Bullous reactions, erythema multiforme, Stevens Johnson syndrome and toxic epidermal necrolysis.
Acute renal failure
Hepatitis
Increase in blood pressure
Angio-oedema and hypersensitivity reactions, including anaphylactic/anaphylactoid reactions.

Interactions

No relevant pharmacokinetic drug-drug interactions were detected with respect to the concomitant administration of antacid, cimetidine, digoxin and frusemide.

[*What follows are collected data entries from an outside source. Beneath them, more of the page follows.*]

Lemma imset_permM (T : finType) (p q : {perm T}) (A : {set T}) :
  (p * q)%g @: A = q @: (p @: A).
Proof. by rewrite -imset_comp; apply: eq_imset => x; rewrite permM. Qed.

Canonical rowgroup_group n k :=
  Group (group_set_young_subgroup (rowT n k) : group_set (rowgroup n k)).

Lemma card_Omega n m : m <= n -> #|Omega n m| = m.
Proof. by move=> le_mn; rewrite card_ord_geq ?leq_subr // subKn. Qed.

Lemma card_fiber_ord_itv n (lab : 'I_n -> nat) l a c : a <= c <= n ->
  (forall x : 'I_n, (lab x == l) = (a <= x < c)) -> #|[set x | lab x == l]| = c - a.
Proof.
move=> acn labE; rewrite -(card_ord_itv acn).
by apply: eq_card => x; rewrite !inE labE.
Qed.

Section SecondRow.

Variables n k : nat.
Hypothesis le_kn : k <= n.

Definition second_row : {set 'I_n} := [set i : 'I_n | n - k <= i].

Lemma card_second_row : #|second_row| = k.
Proof. by rewrite card_ord_geq ?leq_subr // subKn. Qed.

Lemma card_compl_second_row : #|~: second_row| = n - k.
Proof. by have := cardsC second_row; rewrite card_second_row card_ord; lia. Qed.

Lemma card_rowgroup : #|rowgroup n k| = ((n - k)`! * k`!)%N.
Proof.
rewrite (card_young_subgroup (N := 2)); last by move=> x; rewrite /rowT; case: (n - k <= x).
rewrite !big_ord_recr big_ord0 /= mul1n (@card_fiber_ord_itv _ _ 0 0 (n - k))
  ?(@card_fiber_ord_itv _ _ 1 (n - k) n) ?subn0 ?subKn //; try lia.
all: move=> x; have := ltn_ord x; rewrite /rowT.
all: by case: (leqP (n - k) x) => /= h xn; apply/idP/idP; lia.
Qed.

End SecondRow.

Section RowOrbit.

Variables n m k : nat.
Hypotheses (le_km : k <= m) (le_mn : m <= n).
Let le_kn := leq_trans le_km le_mn.

Lemma card_rowgroup_stab :
  #|('C_(rowgroup n k)[Omega n m | 'P^*])%g| = ((n - m)`! * (m - k)`! * k`!)%N.
Proof.
rewrite young_subgroup_stab (card_young_subgroup (N := 4)); last first.
  by move=> x; rewrite /rowT; case: (x \in _); case: (n - k <= x).
rewrite !big_ord_recr big_ord0 /= mul1n.
(* The fibres of the refined labelling are [0, n-m), [n-m, n-k), empty and [n-k, n). *)
rewrite (@card_fiber_ord_itv _ _ 0 0 (n - m)) ?(@card_fiber_ord_itv _ _ 1 (n - m) (n - k))
  ?(@card_fiber_ord_itv _ _ 2 n n) ?(@card_fiber_ord_itv _ _ 3 (n - k) n); try lia.
- by rewrite subn0 subnn muln1 (_ : n - k - (n - m) = m - k) ?subKn //; lia.
all: move=> x; have := ltn_ord x; rewrite /rowT inE.
all: by case: (leqP (n - k) x); case: (leqP (n - m) x) => /= *; apply/idP/idP; lia.
Qed.

Lemma card_supsets_second_row :
  #|[set Y : {set 'I_n} | second_row n k \subset Y & #|Y| == m]| = 'C(n - k, m - k).
Proof.
have := sum_supsets (fun _ => 1) (_ : #|second_row n k| <= m).
rewrite (card_second_row le_kn) => /(_ le_km); rewrite !sum1dep_card => ->.
by rewrite cards_draws (card_compl_second_row le_kn).
Qed.

Lemma orbit_rowgroup :
  orbit 'P^* (rowgroup n k) (Omega n m) =
  [set Y : {set 'I_n} | second_row n k \subset Y & #|Y| == m].
Proof.
apply/eqP; rewrite eqEcard card_supsets_second_row; apply/andP; split.
  apply/subsetP => _ /orbitP[p /young_subgroupP hp <-].
  rewrite inE setact_perm card_imset ?(card_Omega le_mn) ?eqxx ?andbT; last exact: perm_inj.
  apply/subsetP => s; rewrite inE => hs; rewrite -(permKV p s); apply: imset_f.
  have := hp (p^-1 s)%g; rewrite permKV /rowT hs inE => /esym/eqP; rewrite eqb1.
  exact: leq_trans (leq_sub2l n le_km).
have := card_orbit_stab 'P^* (rowgroup n k) (Omega n m).
rewrite card_rowgroup_stab (card_rowgroup le_kn) -(@bin_fact (n - k) (m - k)); last lia.
rewrite (_ : n - k - (m - k) = n - m); last lia.
have pos : 0 < (n - m)`! * (m - k)`! * k`! by rewrite !muln_gt0 !fact_gt0.
by move=> e; rewrite leq_eqVlt -(eqn_pmul2r pos) e; apply/orP; left; apply/eqP; ring.
Qed.

Lemma sum_rowgroup (V : nmodType) (F : {set 'I_n} -> V) :
  (\sum_(p in rowgroup n k) F (p @: Omega n m) =
   (\sum_(X : {set 'I_n} | (X \subset ~: second_row n k) && (#|X| == (m - k)%N))
      F (second_row n k :|: X)) *+ ((n - m)`! * (m - k)`! * k`!))%R.
Proof.
rewrite (sum_orbit 'P^* (Omega n m) F) ?subsetT // orbit_rowgroup card_rowgroup_stab big_set /=.
by rewrite sum_supsets (card_second_row le_kn).
Qed.

Lemma sum_meet_second_row (q : {perm 'I_n}) (V : nmodType) (F : nat -> V) :
  let W := (q^-1)%g @: Omega n m :\: second_row n k in
  (\sum_(X : {set 'I_n} | (X \subset ~: second_row n k) && (#|X| == (m - k)%N))
      F #|Omega n m :&: q @: (second_row n k :|: X)| =
   \sum_(t < (m - k).+1)
      F (m - #|W| + t)%N *+ ('C(#|W|, t) * 'C(n - k - #|W|, m - k - t))%N)%R.
Proof.
move=> W; have sWS : W \subset ~: second_row n k.
  by apply/subsetP => y; rewrite !inE => /andP[].
rewrite (eq_bigr (fun X => F (m - #|W| + #|X :&: W|))); last first.
  by move=> X /andP[XS _]; rewrite card_setI_imset_perm ?disjoints_subset // (card_Omega le_mn).
rewrite (@sum_by_value _ _ (fun X => #|X :&: W|) (m - k).+1 _
  (fun t => F (m - #|W| + t)%N)); last first.
  by move=> X /andP[_ /eqP <-]; rewrite ltnS subset_leq_card // subsetIl.
apply: eq_bigr => t _; congr (_ *+ _)%R.
by rewrite card_draws_setI ?(card_compl_second_row le_kn) //; have := ltn_ord t; lia.
Qed.

End RowOrbit.

Section ColumnGroup.

Variables n k : nat.
Hypothesis le_kkn : k + k <= n.

Definition col_tops : {set 'I_n} := [set j : 'I_n | j < k].

Lemma card_col_tops : #|col_tops| = k.
Proof. by rewrite -[RHS]subn0 -(@card_ord_itv n 0 k) //; lia. Qed.

(* The other cell of the column of [x] in T_k, or [x] itself in a one-cell column;
   the [insubd] default is only reached when [n < k + k]. *)
Definition col_mate (x : 'I_n) : 'I_n :=
  insubd x (if x < k then x + (n - k) else if n - k <= x then x - (n - k) else x).

Lemma val_col_mate x : col_mate x =
  (if x < k then x + (n - k) else if n - k <= x then x - (n - k) else x) :> nat.
Proof.
rewrite val_insubd; have := ltn_ord x.
case: (ltnP x k) => xk /=; [|case: (leqP (n - k) x) => xnk /=].
all: by move=> xn; rewrite ifT //; lia.
Qed.

Lemma col_mateK : involutive col_mate.
Proof.
move=> x; apply: val_inj => /=; rewrite !val_col_mate.
case: (ltnP x k) => xk /=; [|case: (leqP (n - k) x) => xnk /=].
all: by have := ltn_ord x; (repeat case: ifP); lia.
Qed.

Lemma colT_col_mate x : colT n k (col_mate x) = colT n k x.
Proof.
rewrite /colT val_col_mate; have := ltn_ord x.
by case: (ltnP x k) => xk /=; [|case: (leqP (n - k) x) => xnk /=]; (repeat case: ifP); lia.
Qed.

Lemma colT_inj_mate x y : colT n k y = colT n k x -> y = x \/ y = col_mate x.
Proof.
move=> e; have [-> | ne_yx] := eqVneq y x; [by left | right; apply: val_inj].
move: e ne_yx; rewrite -val_eqE /colT /= val_col_mate; have := ltn_ord x; have := ltn_ord y.
by (repeat case: ifP); lia.
Qed.

Lemma col_mate_top j : j \in col_tops -> (col_mate j \notin col_tops) && (col_mate j != j).
Proof. by rewrite !inE -val_eqE /= val_col_mate => jk; rewrite jk; lia. Qed.

Lemma col_mate_fixed x :
  x \notin col_tops -> col_mate x \notin col_tops -> col_mate x = x.
Proof.
rewrite !inE => xk; apply: contraNeq; rewrite -val_eqE /= val_col_mate.
by have := ltn_ord x; (repeat case: ifP); lia.
Qed.

Definition col_flip (J : {set 'I_n}) x :=
  if (x \in J) || (col_mate x \in J) then col_mate x else x.

Lemma col_flipK J : involutive (col_flip J).
Proof.
move=> x; rewrite {2}/col_flip; case: ifP => hx; last by rewrite /col_flip hx.
by rewrite /col_flip (col_mateK x) orbC hx.
Qed.

Definition col_swap J : {perm 'I_n} := perm (can_inj (col_flipK J)).

Lemma col_swapE J x : col_swap J x = col_flip J x.
Proof. by rewrite permE. Qed.

Lemma col_swap_colgroup J : col_swap J \in colgroup n k.
Proof.
rewrite inE; apply/forallP => x; rewrite col_swapE /col_flip.
by case: ifP => _; rewrite ?colT_col_mate.
Qed.

Lemma colgroup_col_swap q :
  q \in colgroup n k -> q = col_swap [set j in col_tops | q j != j].
Proof.
rewrite inE => /forallP cq; have qx x := colT_inj_mate (eqP (cq x)).
apply/permP => x; rewrite col_swapE /col_flip !in_set.
case: (qx x) => [qxx | qxm].
  rewrite qxx eqxx andbF /=; case: ifP => // /andP[_ hm].
  case: (qx (col_mate x)) => e; first by rewrite e eqxx in hm.
  by apply/esym/(@perm_inj _ q); rewrite qxx e col_mateK.
have [mx|mx] := eqVneq (col_mate x) x; first by rewrite qxm mx; case: ifP.
rewrite qxm ifT //; have [_|xt] := boolP (x < k); first by rewrite /= mx.
have [mt|mt] := boolP (col_mate x < k); last first.
  by rewrite (@col_mate_fixed x) ?inE ?eqxx in mx.
apply: contraNneq mx => e.
by apply/eqP/(@perm_inj _ q); rewrite e qxm.
Qed.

Associations to be taken into account:

Other NSAIDs including salicylates in high doses: Concomitant administration of more than one NSAID may increase the risk of gastrointestinal ulceration and bleeding through synergistic action.
Oral anticoagulants, ticlopidine, systemically administered heparin, thrombolytics: increased risk of bleeding. If such co-prescribing cannot be avoided, close monitoring of the effects of anticoagulants is required.
Lithium: NSAIDs have been reported to increase lithium plasma levels. It is recommended that plasma lithium levels be monitored when initiating, adjusting and discontinuing MOBIC.
Methotrexate: As other NSAIDs MOBIC may increase the haematologic toxicity of methotrexate. In this situation, strict monitoring of blood cell count is recommended.
Contraception:NSAIDs have been reported to decrease the efficacy of intrauterine devices.
Diuretics:Treatment with NSAIDs is associated with the potential for acute renal insufficiency in patients who are dehydrated. Patients receiving MOBIC and diuretics should be adequately hydrated and be monitored for renal function prior to initiating treatment.
Antihypertensives (e.g. beta-blockers, ACE-inhibitors, vasodilators, diuretics):
A reduced effect of the antihypertensive drug by inhibition of vasodilating prostaglandins has been reported during treatment with NSAIDs.
Cholestyramine binds Meloxicam in the gastrointestinal tract leading to a faster elimination of Meloxicam.
Nephrotoxicity of cyclosporin may be enhanced by NSAID's via renal prostaglandin mediated effects. During combined treatment renal function is to be measured.
Interactions with oral antidiabetics cannot be excluded.

Overdosage

In case of overdose the standard measures of gastric evacuation and general supportive measures should be used, as there is no known antidote. It has been shown in a clinical trial that cholestyramine accelerates the elimination of meloxicam.